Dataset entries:
= Beginning of Section =
(* For $0<m<2$, the element $\hat D_W+m\gamma$ of the C*-algebra $C^*\Pi\otimes\End(S)$ is invertible.
   Context: $d$ is a positive even integer, $\Pi\cong\mathbb{Z}^d$ with generators $t_1,\dots,t_d$, $C^*\Pi\cong C(\hat\Pi)$ its group C*-algebra (with $\hat\Pi=\Hom(\Pi,\mathbb{T})$ and $t\in\Pi$ viewed as the function $\chi\mapsto\chi(t)$). $S$ is the irreducible $\mathbb{Z}_2$-graded representation (grading $\gamma$) of the complex Clifford algebra generated by $c(v_1),\dots,c(v_d)$ with $c(v_j)c(v_l)+c(v_l)c(v_j)=-2\delta_{jl}$, $c(v_j)^*=-c(v_j)$. Set $\hat U_j=t_j$, $\hat\nabla_j=\hat U_j-1$, $\hat D=\sum_j c(v_j)(\hat\nabla_j-\hat\nabla_j^* )/2$, $\hat W=\sum_j(\hat\nabla_j+\hat\nabla_j^* )/2$, $\hat D_W=\hat D+\gamma\hat W$. *)

From mathcomp Require Import all_boot all_algebra.
From mathcomp Require Import reals complex.
Set Implicit Arguments.
Unset Strict Implicit.
Unset Printing Implicit Defensive.
Import GRing.Theory Num.Theory.
Local Open Scope ring_scope.

Section Defs.
Variable R : realType.
Local Notation C := (R[i]).

Definition adjmx (N : nat) (A : 'M[C]_N) : 'M[C]_N := (map_mx Num.conj A)^T.

(* Pontryagin dual of Pi = Z^d: a character chi is determined by the values
   z j = chi(t_j), which lie in the unit circle T.  So hat Pi = T^d. *)
Definition on_dual (d : nat) (z : 'I_d -> C) : Prop := forall j, `|z j| = 1.

(* An element of C*Pi (x) End(S) = C(hat Pi) (x) M_N(C) = C(hat Pi, M_N(C)),
   represented as a function on characters (only its values on hat Pi matter). *)
Definition cont_on_dual (d N : nat) (F : ('I_d -> C) -> 'M[C]_N) : Prop :=
  forall z, on_dual z -> forall eps : C, 0 < eps ->
    exists2 delta : C, 0 < delta &
      forall w, on_dual w -> (forall j, `|z j - w j| < delta) ->
        forall a b, `|F z a b - F w a b| < eps.

Definition invertible_in_CPi_End (d N : nat) (F : ('I_d -> C) -> 'M[C]_N) : Prop :=
  exists G : ('I_d -> C) -> 'M[C]_N,
    cont_on_dual G /\
    forall z, on_dual z -> F z *m G z = 1%:M /\ G z *m F z = 1%:M.

Definition graded_clifford_rep (d N : nat) (c : 'I_d -> 'M[C]_N) (gam : 'M[C]_N) : Prop :=
  [/\ forall j l, c j *m c l + c l *m c j = (- 2 * (j == l)%:R)%:M,
      forall j, adjmx (c j) = - c j,
      gam *m gam = 1%:M, adjmx gam = gam &
      forall j, gam *m c j = - (c j *m gam)].

Definition irreducible_rep (d N : nat) (c : 'I_d -> 'M[C]_N) (gam : 'M[C]_N) : Prop :=
  forall U : 'M[C]_N, (forall j, stablemx U (c j)) -> stablemx U gam ->
    (U == (0 : 'M[C]_N))%MS \/ (U == (1%:M : 'M[C]_N))%MS.

(* The generators: hat U_j = t_j is the function chi |-> chi(t_j) = z j;
   hat U_j^* is chi |-> conj (z j).  Scalar-valued functions act as scalar
   matrices in C*Pi (x) End(S). *)
Definition Uhat (d N : nat) (j : 'I_d) (z : 'I_d -> C) : 'M[C]_N := (z j)%:M.
Definition Nabla (d N : nat) (j : 'I_d) (z : 'I_d -> C) : 'M[C]_N := Uhat N j z - 1%:M.
Definition Nabla_adj (d N : nat) (j : 'I_d) (z : 'I_d -> C) : 'M[C]_N := adjmx (Nabla N j z).

Definition Dhat (d N : nat) (c : 'I_d -> 'M[C]_N) (z : 'I_d -> C) : 'M[C]_N :=
  \sum_(j < d) c j *m ((2%:R : C)^-1 *: (Nabla N j z - Nabla_adj N j z)).

Definition What (d N : nat) (z : 'I_d -> C) : 'M[C]_N :=
  \sum_(j < d) ((2%:R : C)^-1 *: (Nabla N j z + Nabla_adj N j z)).

Definition DWhat (d N : nat) (c : 'I_d -> 'M[C]_N) (gam : 'M[C]_N)
  (z : 'I_d -> C) : 'M[C]_N :=
  Dhat c z + gam *m What N z.

End Defs.

From mathcomp Require Import all_boot all_algebra.
From mathcomp Require Import reals complex.
From mathcomp Require Import ring lra.
From mathcomp Require Import boolp topology normedtype.
Set Implicit Arguments.
Unset Strict Implicit.
Unset Printing Implicit Defensive.
Import GRing.Theory Num.Theory.
Import numFieldTopology.Exports numFieldNormedType.Exports ArrowAsUniformType.
Local Open Scope ring_scope.

(* At a character z of Pi, D_W + m gamma is the matrix
   A(z) = sum_j i Im(z_j) c(v_j) + (sum_j (Re z_j - 1) + m) gamma.
   The Clifford relations make A(z) square to the scalar
   g(z) = (sum_j (Re z_j - 1) + m)^2 + sum_j Im(z_j)^2, so A(z)/g(z) is an inverse
   wherever g(z) != 0.  On the torus g vanishes only if every z_j = +-1, and then the
   mass term is m minus an even natural number, which is nonzero for 0 < m < 2.
   Finally z |-> A(z)/g(z) is continuous where g does not vanish. *)

Section CliffordSquare.
Variables (K : numFieldType) (d N : nat) (c : 'I_d -> 'M[K]_N) (gam : 'M[K]_N).
Hypotheses (c_anticomm : forall j l, c j *m c l + c l *m c j = (- 2 * (j == l)%:R)%:M)
  (gam_sqr : gam *m gam = 1%:M) (gam_c_anticomm : forall j, gam *m c j = - (c j *m gam)).

Lemma clifford_sum_sqr (s : 'I_d -> K) :
  (\sum_j s j *: c j) *m (\sum_j s j *: c j) = (- \sum_j s j ^+ 2)%:M.
Proof.
set P := (X in X = _).
have P_expand : P = \sum_j \sum_l (s j * s l) *: (c j *m c l).
  rewrite /P mulmx_suml; apply: eq_bigr => j _; rewrite mulmx_sumr.
  by apply: eq_bigr => l _; rewrite -scalemxAl -scalemxAr scalerA.
have P_swap : P = \sum_j \sum_l (s j * s l) *: (c l *m c j).
  rewrite P_expand exchange_big; apply: eq_bigr => j _.
  by apply: eq_bigr => l _; rewrite mulrC.
have PP : P + P = (- 2 * \sum_j s j ^+ 2)%:M.
  rewrite {1}P_expand P_swap -big_split mulr_sumr raddf_sum; apply: eq_bigr => j _.
  rewrite -big_split /=.
  under eq_bigr do rewrite -scalerDr c_anticomm scale_scalar_mx.
  rewrite -raddf_sum (bigD1 j) //= big1 => [|l /negPf]; last first.
    by rewrite eq_sym => ->; rewrite !mulr0.
  by rewrite eqxx addr0 mulr1 mulrC expr2.
have half_half : (2^-1 : K) + 2^-1 = 1 by rewrite [RHS]splitr mul1r.
have -> : P = 2^-1 *: (P + P) by rewrite scalerDr -scalerDl half_half scale1r.
by rewrite PP scale_scalar_mx; congr (_%:M); field.
Qed.

Lemma graded_clifford_sqr (s : 'I_d -> K) (w : K) :
  (\sum_j s j *: c j + w *: gam) *m (\sum_j s j *: c j + w *: gam)
  = (w ^+ 2 - \sum_j s j ^+ 2)%:M.
Proof.
set S := \sum_j s j *: c j.
have cross : S *m (w *: gam) + (w *: gam) *m S = 0.
  rewrite -scalemxAr -scalemxAl -scalerDr /S mulmx_suml mulmx_sumr -big_split /=.
  rewrite big1 ?scaler0 // => j _.
  by rewrite -scalemxAl -scalemxAr gam_c_anticomm scalerN addrN.
have gam_part : (w *: gam) *m (w *: gam) = (w ^+ 2)%:M.
  by rewrite -scalemxAl -scalemxAr scalerA gam_sqr scale_scalar_mx mulr1 expr2.
rewrite mulmxDl !mulmxDr clifford_sum_sqr gam_part.
by rewrite -!addrA (addrA (S *m _)) cross add0r -raddfD addrC.
Qed.

End CliffordSquare.

Lemma mulmx_sqr_scalar_inv (K : fieldType) (N : nat) (A : 'M[K]_N) (a : K) :
  A *m A = a%:M -> a != 0 -> A *m (a^-1 *: A) = 1%:M /\ (a^-1 *: A) *m A = 1%:M.
Proof.
move=> sqrA a_neq0.
by rewrite -scalemxAr -scalemxAl sqrA scale_scalar_mx mulVf.
Qed.

Lemma torus_mass_gap (R : realFieldType) (d : nat) (x y : 'I_d -> R) (m : R) :
  (forall j, x j ^+ 2 + y j ^+ 2 = 1) -> 0 < m < 2 ->
  (\sum_j (x j - 1) + m) ^+ 2 + \sum_j y j ^+ 2 != 0.
Proof.
move=> on_circle /andP[m_gt0 m_lt2].
rewrite paddr_eq0 ?sqr_ge0 ?sumr_ge0 // => [|j _]; last exact: sqr_ge0.
apply/negP => /andP[]; rewrite sqrf_eq0 => /eqP mass0 /eqP ysum0.
have x_pm1 j : x j - 1 = 0 \/ x j - 1 = -2.
  have /eqP : y j ^+ 2 = 0 by apply: psumr_eq0P ysum0 j _ => // i _; exact: sqr_ge0.
  rewrite sqrf_eq0 => /eqP yj0.
  have /eqP := on_circle j; rewrite yj0 expr0n addr0 sqrf_eq1.
  by case/orP => /eqP ->; [left | right]; ring.
have : \sum_j (x j - 1) = 0 \/ \sum_j (x j - 1) <= -2.
  apply: (big_ind (fun t : R => t = 0 \/ t <= -2)) => [|a b|j _]; first by left.
    by move=> ha hb; lra.
  by case: (x_pm1 j) => ->; [left | right].
lra.
Qed.

Section Continuity.
Variables (K : numClosedFieldType) (d : nat).

Lemma conj_continuous : continuous (@Num.conj K).
Proof.
move=> x A /nbhs_ballP[e e0 xeA]; apply/nbhs_ballP; exists e => // y xy; apply: xeA.
by move: xy; rewrite -!ball_normE /= -rmorphB norm_conjC.
Qed.

Lemma Re_continuous : continuous (fun x : K => 'Re x).
Proof.
have -> : (fun x : K => 'Re x) = fun x => (x + x^*) / 2%:R.
  by apply: funext => x; rewrite ReE.
move=> x; apply: (@continuousM _ _ (fun x => x + x^*) (fun=> 2%:R^-1)).
  by apply: continuousD; [exact: cvg_id | exact: conj_continuous].
exact: cst_continuous.
Qed.

Lemma Im_continuous : continuous (fun x : K => 'Im x).
Proof.
have -> : (fun x : K => 'Im x) = fun x => 'i * (x^* - x) / 2%:R.
  by apply: funext => x; rewrite ImE.
move=> x; apply: (@continuousM _ _ (fun x => 'i * (x^* - x)) (fun=> 2%:R^-1)).
  apply: (@continuousM _ _ (fun=> 'i)); first exact: cst_continuous.
  by apply: continuousB; [exact: conj_continuous | exact: cvg_id].
exact: cst_continuous.
Qed.

Lemma coord_fun_continuous j : continuous (fun z : 'I_d -> K => z j).
Proof.
move=> z A /nbhs_ballP[e e0 zeA]; apply/nbhs_ballP; exists e => // w zw; apply: zeA.
exact: zw.
Qed.

Lemma sum_continuous (T : topologicalType) (V : normedModType K) (I : Type)
    (r : seq I) (f : I -> T -> V) :
  (forall i, continuous (f i)) -> continuous (fun x => \sum_(i <- r) f i x).
Proof. by move=> f_cont; apply: continuous_big => //; exact: add_continuous. Qed.

Lemma Re_coord_continuous j : continuous (fun z : 'I_d -> K => 'Re (z j)).
Proof.
move=> z; apply: (continuous_comp (f := fun w => w j)).
  exact: coord_fun_continuous.
exact: Re_continuous.
Qed.

Lemma Im_coord_continuous j : continuous (fun z : 'I_d -> K => 'Im (z j)).
Proof.
move=> z; apply: (continuous_comp (f := fun w => w j)).
  exact: coord_fun_continuous.
exact: Im_continuous.
Qed.

End Continuity.

Section DiracSymbol.
Variables (K : numClosedFieldType) (d N : nat) (c : 'I_d -> 'M[K]_N) (gam : 'M[K]_N).
Variable m : K.
Implicit Types z w : 'I_d -> K.

Definition wilson_mass z : K := \sum_j ('Re (z j) - 1) + m.

Definition dirac_symbol z : 'M[K]_N :=
  \sum_j ('i * 'Im (z j)) *: c j + wilson_mass z *: gam.

Definition symbol_sqnorm z : K := wilson_mass z ^+ 2 + \sum_j 'Im (z j) ^+ 2.

Lemma dirac_symbol_sqr z :
  (forall j l, c j *m c l + c l *m c j = (- 2 * (j == l)%:R)%:M) ->
  gam *m gam = 1%:M -> (forall j, gam *m c j = - (c j *m gam)) ->
  dirac_symbol z *m dirac_symbol z = (symbol_sqnorm z)%:M.
Proof.
move=> c_anticomm gam_sqr gam_c_anticomm.
rewrite graded_clifford_sqr //; congr (_%:M); rewrite /symbol_sqnorm -sumrN.
by congr (_ + _); apply: eq_bigr => j _; rewrite exprMn sqrCi mulN1r opprK.
Qed.

Lemma wilson_mass_continuous : continuous wilson_mass.
Proof.
move=> z; apply: continuousD; last exact: cst_continuous.
apply: sum_continuous => j {}z.
apply: (continuousB (f := fun w => 'Re (w j)) (g := fun=> 1)).
  exact: Re_coord_continuous.
exact: cst_continuous.
Qed.

Lemma dirac_symbol_continuous : continuous dirac_symbol.
Proof.
move=> z; apply: (continuousD (f := fun w => \sum_j ('i * 'Im (w j)) *: c j)
                              (g := fun w => wilson_mass w *: gam)).
  apply: sum_continuous => j {}z.
  apply: (continuousZ (s := fun w => 'i * 'Im (w j)) (f := fun=> c j)).
    apply: (@continuousM _ _ (fun=> 'i)); first exact: cst_continuous.
    exact: Im_coord_continuous.
  exact: cst_continuous.
apply: (continuousZ (f := fun=> gam)); first exact: wilson_mass_continuous.
exact: cst_continuous.
Qed.

Lemma symbol_sqnorm_continuous : continuous symbol_sqnorm.
Proof.
move=> z; apply: (continuousD (f := fun w => wilson_mass w ^+ 2)
                              (g := fun w => \sum_j 'Im (w j) ^+ 2)).
  by apply: (continuousM (s := wilson_mass)); exact: wilson_mass_continuous.
apply: sum_continuous => j {}z.
by apply: (continuousM (s := fun w => 'Im (w j))); exact: Im_coord_continuous.
Qed.

Lemma dirac_symbol_inv_continuous z : symbol_sqnorm z != 0 ->
  {for z, continuous (fun w => (symbol_sqnorm w)^-1 *: dirac_symbol w)}.
Proof.
move=> sqnorm_neq0; apply: continuousZ; last exact: dirac_symbol_continuous.
by apply: continuousV => //; exact: symbol_sqnorm_continuous.
Qed.

End DiracSymbol.

Lemma continuous_entrywise_delta (K : numFieldType) (d N : nat)
    (F : ('I_d -> K) -> 'M[K]_N) z :
  {for z, continuous F} -> forall eps : K, 0 < eps ->
  exists2 delta : K, 0 < delta & forall w, (forall j, `|z j - w j| < delta) ->
    forall a b, `|F z a b - F w a b| < eps.
Proof.
move=> F_cont e e0.
have /nbhs_ballP[del del0 ball_del] : \forall w \near z, ball (F z) e (F w).
  exact: F_cont (nbhsx_ballx _ _ e0).
exists del => // w zw a b; have [_ /(_ a b)] := ball_del w zw.
by rewrite -ball_normE.
Qed.

Section WilsonDirac.
Variable R : realType.
Local Notation C := R[i].

Lemma adjmx_scalar (N : nat) (a : C) : adjmx (a%:M : 'M[C]_N) = (a^*)%:M.
Proof. by apply/matrixP => i k; rewrite !mxE eq_sym rmorphMn. Qed.

Lemma Nabla_scalar (d N : nat) j (z : 'I_d -> C) : Nabla N j z = (z j - 1)%:M.
Proof. by rewrite /Nabla /Uhat raddfB. Qed.

Lemma DWhat_symbol (d N : nat) (c : 'I_d -> 'M[C]_N) (gam : 'M[C]_N) (m : C) z :
  DWhat c gam z + m *: gam = dirac_symbol c gam m z.
Proof.
rewrite /DWhat /Dhat /What /dirac_symbol /wilson_mass /Nabla_adj.
under eq_bigr do rewrite Nabla_scalar adjmx_scalar -raddfB scale_scalar_mx mul_mx_scalar.
under [X in gam *m X]eq_bigr do rewrite Nabla_scalar adjmx_scalar -raddfD scale_scalar_mx.
rewrite -raddf_sum mul_mx_scalar -addrA -scalerDl.
congr (_ + (_ + _) *: _); apply: eq_bigr => j _; rewrite rmorphB rmorph1.
  by congr (_ *: _); rewrite ImE !mulrA -expr2 sqrCi; field.
by rewrite ReE; field.
Qed.

Local Open Scope complex_scope.

Lemma Re_complexE (x : C) : 'Re x = (complex.Re x)%:C.
Proof. by rewrite ReE ReJ_add. Qed.

Lemma Im_complexE (x : C) : 'Im x = (complex.Im x)%:C.
Proof. by rewrite ImE ImJ_sub [RHS]mulrC mulrA. Qed.

Lemma symbol_sqnorm_on_dual_neq0 (d : nat) (m : C) (z : 'I_d -> C) :
  0 < m < 2 -> on_dual z -> symbol_sqnorm m z != 0.
Proof.
move=> /andP[m_gt0 m_lt2] z_dual.
have mE : m = (complex.Re m)%:C.
  by rewrite -Re_complexE; apply/esym/Creal_ReP/gtr0_real.
have m_range : 0 < complex.Re m < 2 by rewrite -!ltcR -mE rmorph0 rmorph_nat m_gt0.
have on_circle j : complex.Re (z j) ^+ 2 + complex.Im (z j) ^+ 2 = 1.
  apply: complexI; have := normC2_Re_Im (z j).
  by rewrite z_dual expr1n Re_complexE Im_complexE rmorphD !rmorphXn rmorph1 => <-.
have -> : symbol_sqnorm m z =
    ((\sum_j (complex.Re (z j) - 1) + complex.Re m) ^+ 2
     + \sum_j complex.Im (z j) ^+ 2)%:C.
  rewrite /symbol_sqnorm /wilson_mass {1}mE rmorphD rmorphXn rmorphD !rmorph_sum.
  congr (_ ^+ 2 + _); [congr (_ + _) |]; apply: eq_bigr => j _.
    by rewrite Re_complexE rmorphB rmorph1.
  by rewrite Im_complexE rmorphXn.
by rewrite fmorph_eq0; exact: torus_mass_gap.
Qed.

End WilsonDirac.

Theorem lemma3p3 (R : realType) (d N : nat) (c : 'I_d -> 'M[R[i]]_N)
  (gam : 'M[R[i]]_N) (m : R[i]) :
  (0 < d)%N -> ~~ odd d ->
  graded_clifford_rep c gam -> irreducible_rep c gam ->
  0 < m < 2 ->
  invertible_in_CPi_End (fun z => DWhat c gam z + m *: gam).
Proof.
move=> _ _ [c_anticomm _ gam_sqr _ gam_c_anticomm] _ m_range.
exists (fun z => (symbol_sqnorm m z)^-1 *: dirac_symbol c gam m z); split.
  move=> z z_dual e e0.
  have sqnorm_neq0 := symbol_sqnorm_on_dual_neq0 m_range z_dual.
  have [del del0 close] := continuous_entrywise_delta
    (dirac_symbol_inv_continuous (c := c) (gam := gam) sqnorm_neq0) e0.
  by exists del => // w _; exact: close.
move=> z z_dual; rewrite DWhat_symbol.
apply: mulmx_sqr_scalar_inv; first exact: dirac_symbol_sqr.
exact: symbol_sqnorm_on_dual_neq0.
Qed.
= End of Section =
Could you set down, word for word, only the lines above from the line with "apply: (continuousZ (f" to the line with "(F : ('I_d -> K) -> 'M[K]_N)", including both?

== SOLUTION TO THE EXERCISE ==
apply: (continuousZ (f := fun=> gam)); first exact: wilson_mass_continuous.
exact: cst_continuous.
Qed.

Lemma symbol_sqnorm_continuous : continuous symbol_sqnorm.
Proof.
move=> z; apply: (continuousD (f := fun w => wilson_mass w ^+ 2)
                              (g := fun w => \sum_j 'Im (w j) ^+ 2)).
  by apply: (continuousM (s := wilson_mass)); exact: wilson_mass_continuous.
apply: sum_continuous => j {}z.
by apply: (continuousM (s := fun w => 'Im (w j))); exact: Im_coord_continuous.
Qed.

Lemma dirac_symbol_inv_continuous z : symbol_sqnorm z != 0 ->
  {for z, continuous (fun w => (symbol_sqnorm w)^-1 *: dirac_symbol w)}.
Proof.
move=> sqnorm_neq0; apply: continuousZ; last exact: dirac_symbol_continuous.
by apply: continuousV => //; exact: symbol_sqnorm_continuous.
Qed.

End DiracSymbol.

Lemma continuous_entrywise_delta (K : numFieldType) (d N : nat)
    (F : ('I_d -> K) -> 'M[K]_N) z :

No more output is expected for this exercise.